Try it
Find how many lines in this data contain the string "Aset". Respond with only that number.
[Supplied information Boundary: Start]
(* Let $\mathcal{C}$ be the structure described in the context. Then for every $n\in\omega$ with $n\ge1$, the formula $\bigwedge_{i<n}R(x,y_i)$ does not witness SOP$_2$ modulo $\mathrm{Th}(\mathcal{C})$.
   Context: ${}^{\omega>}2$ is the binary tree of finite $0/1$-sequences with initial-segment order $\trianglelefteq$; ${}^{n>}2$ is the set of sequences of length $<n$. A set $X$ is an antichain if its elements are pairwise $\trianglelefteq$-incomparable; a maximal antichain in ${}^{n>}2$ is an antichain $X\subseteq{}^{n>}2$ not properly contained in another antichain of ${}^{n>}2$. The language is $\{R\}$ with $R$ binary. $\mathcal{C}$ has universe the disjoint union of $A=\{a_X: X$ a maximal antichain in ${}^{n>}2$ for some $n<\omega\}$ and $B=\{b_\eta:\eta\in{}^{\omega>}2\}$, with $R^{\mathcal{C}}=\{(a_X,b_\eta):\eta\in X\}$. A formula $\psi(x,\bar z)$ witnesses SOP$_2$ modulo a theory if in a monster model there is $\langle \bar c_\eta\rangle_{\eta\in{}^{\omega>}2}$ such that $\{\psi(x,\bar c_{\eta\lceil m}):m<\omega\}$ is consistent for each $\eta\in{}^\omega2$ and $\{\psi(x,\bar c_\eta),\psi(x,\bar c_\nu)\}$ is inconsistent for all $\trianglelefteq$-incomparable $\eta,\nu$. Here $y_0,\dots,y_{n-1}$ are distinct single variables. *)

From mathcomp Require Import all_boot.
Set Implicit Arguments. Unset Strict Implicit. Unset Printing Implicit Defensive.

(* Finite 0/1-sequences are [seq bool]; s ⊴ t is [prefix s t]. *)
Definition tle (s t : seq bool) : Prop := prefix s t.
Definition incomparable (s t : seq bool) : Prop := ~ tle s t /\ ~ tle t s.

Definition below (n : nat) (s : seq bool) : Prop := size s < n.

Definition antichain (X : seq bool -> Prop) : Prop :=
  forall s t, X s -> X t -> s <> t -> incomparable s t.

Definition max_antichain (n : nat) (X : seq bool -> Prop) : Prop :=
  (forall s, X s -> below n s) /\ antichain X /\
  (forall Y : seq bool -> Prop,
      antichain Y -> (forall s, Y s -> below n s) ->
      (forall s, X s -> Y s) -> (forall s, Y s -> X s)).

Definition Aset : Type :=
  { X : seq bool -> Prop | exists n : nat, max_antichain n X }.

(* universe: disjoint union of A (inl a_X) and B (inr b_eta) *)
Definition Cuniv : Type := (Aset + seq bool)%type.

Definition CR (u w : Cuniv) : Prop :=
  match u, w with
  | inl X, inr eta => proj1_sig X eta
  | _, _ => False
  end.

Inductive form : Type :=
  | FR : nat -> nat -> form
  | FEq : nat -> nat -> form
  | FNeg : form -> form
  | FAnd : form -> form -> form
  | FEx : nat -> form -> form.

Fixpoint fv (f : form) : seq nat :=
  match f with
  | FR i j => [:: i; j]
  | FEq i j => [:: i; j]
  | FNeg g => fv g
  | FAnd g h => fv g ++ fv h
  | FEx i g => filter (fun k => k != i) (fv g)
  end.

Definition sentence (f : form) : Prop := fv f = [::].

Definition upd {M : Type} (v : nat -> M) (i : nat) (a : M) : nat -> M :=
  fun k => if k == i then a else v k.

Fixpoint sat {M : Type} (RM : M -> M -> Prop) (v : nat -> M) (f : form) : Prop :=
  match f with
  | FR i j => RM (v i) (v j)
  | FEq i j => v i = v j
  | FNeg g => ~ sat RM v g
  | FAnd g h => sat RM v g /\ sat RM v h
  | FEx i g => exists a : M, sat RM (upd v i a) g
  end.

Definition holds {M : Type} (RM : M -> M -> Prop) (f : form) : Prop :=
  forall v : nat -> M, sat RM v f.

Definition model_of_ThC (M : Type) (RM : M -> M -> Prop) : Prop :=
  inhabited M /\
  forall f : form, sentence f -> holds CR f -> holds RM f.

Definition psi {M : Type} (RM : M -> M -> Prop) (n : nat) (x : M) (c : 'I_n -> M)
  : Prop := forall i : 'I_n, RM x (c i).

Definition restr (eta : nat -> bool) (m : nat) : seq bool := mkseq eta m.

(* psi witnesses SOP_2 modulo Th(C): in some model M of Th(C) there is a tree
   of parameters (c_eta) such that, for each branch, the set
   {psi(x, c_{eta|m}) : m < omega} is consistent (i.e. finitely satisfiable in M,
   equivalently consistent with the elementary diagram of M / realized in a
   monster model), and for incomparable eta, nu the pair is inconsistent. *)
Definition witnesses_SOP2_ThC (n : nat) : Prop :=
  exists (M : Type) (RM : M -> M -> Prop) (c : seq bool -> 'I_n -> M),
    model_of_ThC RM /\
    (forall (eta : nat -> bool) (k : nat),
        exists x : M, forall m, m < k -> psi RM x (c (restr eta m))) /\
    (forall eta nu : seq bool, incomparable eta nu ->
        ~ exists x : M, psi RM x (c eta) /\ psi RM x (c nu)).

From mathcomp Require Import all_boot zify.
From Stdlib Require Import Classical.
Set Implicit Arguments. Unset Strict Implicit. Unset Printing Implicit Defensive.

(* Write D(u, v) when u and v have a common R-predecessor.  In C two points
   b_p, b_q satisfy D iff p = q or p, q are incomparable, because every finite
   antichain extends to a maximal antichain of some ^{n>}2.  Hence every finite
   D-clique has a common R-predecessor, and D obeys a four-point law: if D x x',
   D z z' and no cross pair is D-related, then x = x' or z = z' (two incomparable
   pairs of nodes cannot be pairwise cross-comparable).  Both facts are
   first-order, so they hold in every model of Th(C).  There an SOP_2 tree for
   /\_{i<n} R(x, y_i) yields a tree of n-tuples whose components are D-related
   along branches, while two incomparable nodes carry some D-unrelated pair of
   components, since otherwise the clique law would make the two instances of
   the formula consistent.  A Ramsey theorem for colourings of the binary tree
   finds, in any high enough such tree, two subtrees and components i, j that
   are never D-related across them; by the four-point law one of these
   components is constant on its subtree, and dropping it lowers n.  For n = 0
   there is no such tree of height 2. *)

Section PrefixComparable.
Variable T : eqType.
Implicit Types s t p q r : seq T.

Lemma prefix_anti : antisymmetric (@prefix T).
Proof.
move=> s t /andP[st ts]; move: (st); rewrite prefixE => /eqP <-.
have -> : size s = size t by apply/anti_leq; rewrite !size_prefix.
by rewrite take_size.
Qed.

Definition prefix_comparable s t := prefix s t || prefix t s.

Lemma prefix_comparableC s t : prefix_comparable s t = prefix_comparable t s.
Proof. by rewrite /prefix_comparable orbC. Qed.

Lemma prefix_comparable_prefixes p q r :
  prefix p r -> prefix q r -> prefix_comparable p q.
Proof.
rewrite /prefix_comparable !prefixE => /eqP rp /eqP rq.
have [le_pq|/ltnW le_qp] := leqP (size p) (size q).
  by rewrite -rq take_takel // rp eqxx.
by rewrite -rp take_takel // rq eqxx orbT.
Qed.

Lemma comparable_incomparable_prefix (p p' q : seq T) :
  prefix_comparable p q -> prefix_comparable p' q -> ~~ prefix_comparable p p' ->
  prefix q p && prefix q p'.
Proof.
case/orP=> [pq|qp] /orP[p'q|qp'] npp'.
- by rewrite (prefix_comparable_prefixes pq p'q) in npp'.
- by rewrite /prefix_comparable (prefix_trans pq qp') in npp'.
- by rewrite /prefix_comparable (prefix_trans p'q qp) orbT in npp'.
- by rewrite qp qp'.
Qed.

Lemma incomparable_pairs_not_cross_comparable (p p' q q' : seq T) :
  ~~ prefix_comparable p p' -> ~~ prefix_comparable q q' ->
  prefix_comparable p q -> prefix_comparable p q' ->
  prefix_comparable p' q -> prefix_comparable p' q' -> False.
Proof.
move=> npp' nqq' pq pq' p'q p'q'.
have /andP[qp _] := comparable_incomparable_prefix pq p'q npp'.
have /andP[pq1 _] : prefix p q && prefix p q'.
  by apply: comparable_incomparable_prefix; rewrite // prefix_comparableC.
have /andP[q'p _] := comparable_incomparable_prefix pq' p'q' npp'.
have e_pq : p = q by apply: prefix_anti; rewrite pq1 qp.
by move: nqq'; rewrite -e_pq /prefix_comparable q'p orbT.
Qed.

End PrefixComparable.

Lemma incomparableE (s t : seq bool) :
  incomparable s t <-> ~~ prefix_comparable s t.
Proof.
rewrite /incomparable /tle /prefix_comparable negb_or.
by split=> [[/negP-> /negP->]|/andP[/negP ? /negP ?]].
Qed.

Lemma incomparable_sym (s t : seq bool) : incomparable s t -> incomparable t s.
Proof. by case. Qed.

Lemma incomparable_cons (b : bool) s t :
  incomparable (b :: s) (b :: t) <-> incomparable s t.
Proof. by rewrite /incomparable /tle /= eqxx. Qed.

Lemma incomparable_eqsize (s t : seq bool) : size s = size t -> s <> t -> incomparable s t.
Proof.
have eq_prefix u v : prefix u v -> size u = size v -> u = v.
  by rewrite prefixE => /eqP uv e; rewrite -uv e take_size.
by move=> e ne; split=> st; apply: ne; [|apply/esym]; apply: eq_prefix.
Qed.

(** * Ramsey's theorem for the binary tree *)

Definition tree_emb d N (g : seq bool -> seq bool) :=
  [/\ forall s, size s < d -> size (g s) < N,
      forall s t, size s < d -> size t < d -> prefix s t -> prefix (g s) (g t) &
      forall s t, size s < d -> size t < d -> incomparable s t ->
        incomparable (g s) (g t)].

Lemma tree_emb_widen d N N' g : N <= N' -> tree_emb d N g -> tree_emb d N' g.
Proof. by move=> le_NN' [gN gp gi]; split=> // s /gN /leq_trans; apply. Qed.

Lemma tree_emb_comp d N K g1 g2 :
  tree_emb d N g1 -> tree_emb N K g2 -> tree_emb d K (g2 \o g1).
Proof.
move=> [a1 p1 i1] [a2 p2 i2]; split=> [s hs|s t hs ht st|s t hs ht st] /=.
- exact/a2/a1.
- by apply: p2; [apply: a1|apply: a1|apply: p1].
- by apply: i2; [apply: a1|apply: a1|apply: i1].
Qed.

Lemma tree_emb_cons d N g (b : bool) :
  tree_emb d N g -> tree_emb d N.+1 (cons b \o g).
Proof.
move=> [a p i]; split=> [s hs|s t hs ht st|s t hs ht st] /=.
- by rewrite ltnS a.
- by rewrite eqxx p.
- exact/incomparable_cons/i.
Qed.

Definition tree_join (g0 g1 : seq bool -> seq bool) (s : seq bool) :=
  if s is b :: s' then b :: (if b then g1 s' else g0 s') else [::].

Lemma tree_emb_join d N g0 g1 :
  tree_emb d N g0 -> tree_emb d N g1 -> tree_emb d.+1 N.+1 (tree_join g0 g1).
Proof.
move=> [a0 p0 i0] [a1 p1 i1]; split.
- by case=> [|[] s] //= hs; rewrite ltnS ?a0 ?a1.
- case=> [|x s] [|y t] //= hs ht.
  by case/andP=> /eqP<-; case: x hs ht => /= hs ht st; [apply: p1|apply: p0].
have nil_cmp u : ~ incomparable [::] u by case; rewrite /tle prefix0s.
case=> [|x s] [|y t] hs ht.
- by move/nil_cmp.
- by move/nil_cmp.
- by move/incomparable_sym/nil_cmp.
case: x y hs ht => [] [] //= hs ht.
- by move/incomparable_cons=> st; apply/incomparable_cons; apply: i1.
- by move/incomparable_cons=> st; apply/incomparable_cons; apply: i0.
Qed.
[Supplied information Boundary: End]
Response to this task
2